Influence of Elevated Atmospheric CO₂ Concentrations on Plant Nutrition

Abstract

The rising levels of atmospheric CO₂ are likely to increase biomass production of C₃ species in both natural and managed ecosystems because photosynthetic rates will be higher. The greatest absolute increase in productivity will occur when nitrogen and phosphorus availability in the soil is high. Low nitrogen does not preclude a growth response to high CO₂, whereas some C₃ species fail to respond to high CO₂ when phosphorus is low, possibly because insufficient phosphorus is available to maintain maximum photosynthetic activity at high CO₂.

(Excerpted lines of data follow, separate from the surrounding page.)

(* Let $G\subset E'$ be a separating linear subspace, let $(T^{E}_{m},T^{\mathbb{K}}_{m})_{m\in\mathcal{M}}$ be a strong, consistent family for $(\mathcal{FV},E)$, and let $U$ be a set of uniqueness for $\mathcal{FV}(\Omega)$. Then the restriction map \[ R_{U,G}\colon S(\mathcal{FV}(\Omega)\varepsilon E)\to \mathcal{FV}_{G}(U,E),\quad f\mapsto (T^{E}_{m}(f)(x))_{(m,x)\in U}, \] is injective.
   Context: $\mathbb{K}\in\{\mathbb{R},\mathbb{C}\}$; $E$ is a non-trivial locally convex Hausdorff space (lcHs) over $\mathbb{K}$ with a directed fundamental system of seminorms $(p_\alpha)_{\alpha\in\mathfrak{A}}$ (for $E=\mathbb{K}$ the system is $\{|\cdot|\}$); $E'$ is its topological dual. A linear subspace $G\subset E'$ is separating if $e'(x)=0$ for all $e'\in G$ implies $x=0$. Weighted function spaces: Let $\Omega,J,L$ be non-empty sets, $(M_l)_{l\in L}$ non-empty sets and $\mathcal{V}=((\nu_{j,l,m})_{m\in M_l})_{j\in J,l\in L}$ functions $\nu_{j,l,m}\colon\Omega\to[0,\infty)$ such that for all $x\in\Omega$, $l\in L$ there is $j\in J$ with $\nu_{j,l,m}(x)>0$ for all $m\in M_l$. Let $\mathcal{M}_{\mathrm{top}}:=\bigcup_{l}M_l$ and $\mathcal{M}_0,\mathcal{M}_r$ sets such that the three are pairwise disjoint; $\mathcal{M}:=\mathcal{M}_{\mathrm{top}}\cup\mathcal{M}_0\cup\mathcal{M}_r$. Let $(\omega_m)_{m\in\mathcal{M}}$ be non-empty sets with $\Omega\subset\omega_m$ for $m\in\mathcal{M}_{\mathrm{top}}$. For $F\in\{E,\mathbb{K}\}$ let $T^{F}_m\colon \operatorname{dom}T^F_m\subset F^\Omega\to F^{\omega_m}$ be linear maps, $m\in\mathcal{M}$. Put $W(\Omega,F):=\bigcap_{m\in\mathcal{M}}\operatorname{dom}T^F_m\cap\bigcap_{m\in\mathcal{M}_0}\ker T^F_m$ and $\mathcal{FV}(\Omega,F):=\{f\in W(\Omega,F): |f|_{j,l,\alpha}<\infty\ \forall j\in J,l\in L,\alpha\}$ where $|f|_{j,l,\alpha}:=\sup_{x\in\Omega,m\in M_l}p_\alpha(T^F_m(f)(x))\nu_{j,l,m}(x)$, topologised by these seminorms; $\mathcal{FV}(\Omega):=\mathcal{FV}(\Omega,\mathbb{K})$ with seminorms $|f|_{j,l}$. Write $T^F_{m,x}(f):=T^F_m(f)(x)$. Such a space is a dom-space if its system of seminorms is directed and, in the scalar case, all point evaluations $\delta_x\colon f\mapsto f(x)$, $x\in\Omega$, are continuous on $\mathcal{FV}(\Omega)$. $\mathcal{FV}(\Omega)\varepsilon E$ is the space of continuous linear maps $\mathcal{FV}(\Omega)'_\kappa\to E$ ($\kappa$: topology of uniform convergence on absolutely convex compact subsets of $\mathcal{FV}(\Omega)$) with the topology of uniform convergence on equicontinuous sets; $S\colon \mathcal{FV}(\Omega)\varepsilon E\to E^\Omega$, $S(u)(x):=u(\delta_x)$. If $\mathcal{FV}(\Omega)$ and $\mathcal{FV}(\Omega,E)$ are dom-spaces built with the same data $\Omega,\mathcal{V},\mathcal{M}_{\mathrm{top}},\mathcal{M}_0,\mathcal{M}_r,(\omega_m)$ and operators $T^{\mathbb{K}}_m$ resp. $T^E_m$, then $(T^E_m,T^{\mathbb{K}}_m)_{m\in\mathcal{M}}$ is a defining family for $(\mathcal{FV},E)$. It is consistent if for all $u\in\mathcal{FV}(\Omega)\varepsilon E$, $m\in\mathcal{M}$, $x\in\omega_m$: $S(u)\in\operatorname{dom}T^E_m$, the restriction of $T^{\mathbb{K}}_{m,x}$ to $\mathcal{FV}(\Omega)$ lies in $\mathcal{FV}(\Omega)'$, and $T^E_m(S(u))(x)=u(T^{\mathbb{K}}_{m,x})$. It is strong if for all $e'\in E'$, $f\in\mathcal{FV}(\Omega,E)$, $m\in\mathcal{M}$: $e'\circ f\in\operatorname{dom}T^{\mathbb{K}}_m$ and $T^{\mathbb{K}}_m(e'\circ f)=e'\circ T^E_m(f)$ on $\omega_m$. A set $U\subset\bigcup_{m\in\mathcal{M}}\{m\}\times\omega_m$ is a set of uniqueness for $\mathcal{FV}(\Omega)$ if $T^{\mathbb{K}}_{m,x}\in\mathcal{FV}(\Omega)'$ for all $(m,x)\in U$ and every $f\in\mathcal{FV}(\Omega)$ with $T^{\mathbb{K}}_m(f)(x)=0$ for all $(m,x)\in U$ is $0$. For separating $G\subset E'$, $\mathcal{FV}_G(U,E)$ is the set of $f\colon U\to E$ such that for every $e'\in G$ there is (a necessarily unique) $f_{e'}\in\mathcal{FV}(\Omega)$ with $T^{\mathbb{K}}_m(f_{e'})(x)=e'(f(m,x))$ for all $(m,x)\in U$. For strong consistent families the map $R_{U,G}$ in the claim takes values in $\mathcal{FV}_G(U,E)$. *)

From HB Require Import structures.
From mathcomp Require Import all_boot all_order all_algebra.
Set Implicit Arguments. Unset Strict Implicit. Unset Printing Implicit Defensive.
Import Order.TTheory GRing.Theory Num.Theory.
Local Open Scope ring_scope.

Section Defs.
Variable K : numFieldType.

Definition is_seminorm (V : lmodType K) (q : V -> K) :=
  [/\ forall v, 0 <= q v,
      forall v w, q (v + w) <= q v + q w &
      forall (c : K) v, q (c *: v) = `|c| * q v].

(* (p_a)_{a in A} is a directed fundamental system of seminorms of a
   Hausdorff locally convex topology on V *)
Definition lcHs (V : lmodType K) (A : Type) (p : A -> V -> K) :=
  [/\ inhabited A,
      forall a, is_seminorm (p a),
      (forall a b, exists c (C : K), 0 <= C /\
          forall v, p a v <= C * p c v /\ p b v <= C * p c v) &
      forall v, (forall a, p a v = 0) -> v = 0].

C₃ plants response to high CO₂ because the flux of carbon through the photoreductive cycle is increased and photorespiration is suppressed. This change in metabolism appears to alter the foliar nutrient concentration required to promote maximum productivity (critical concentration). Higher phosphorus concentrations are needed at elevated CO₂, whereas the nitrogen requirement is reduced by CO₂ enrichment. Since critical concentrations are used to evaluate nutrient status of crop and forest species and to manage fertiliser programs, they will need reassessing as the atmospheric CO₂ concentration rises. Another consequence of the altered nutrient requirement at high CO₂ is that the nitrogen concentrations of foliage, roots and grain are consistently lower in plants grown at elevated CO₂, irrespective of availability of nitrogen in the soil. In natural ecosystems, the lower nitrogen to carbon ratio of the litter may alter rates of nutrient cycling. For farmers, the rising CO₂ concentrations could cause reductions in grain nitrogen, and therefore protein content. This could have important implications for baking quality of hard wheats as well as affecting the nutrient value of grain such as rice.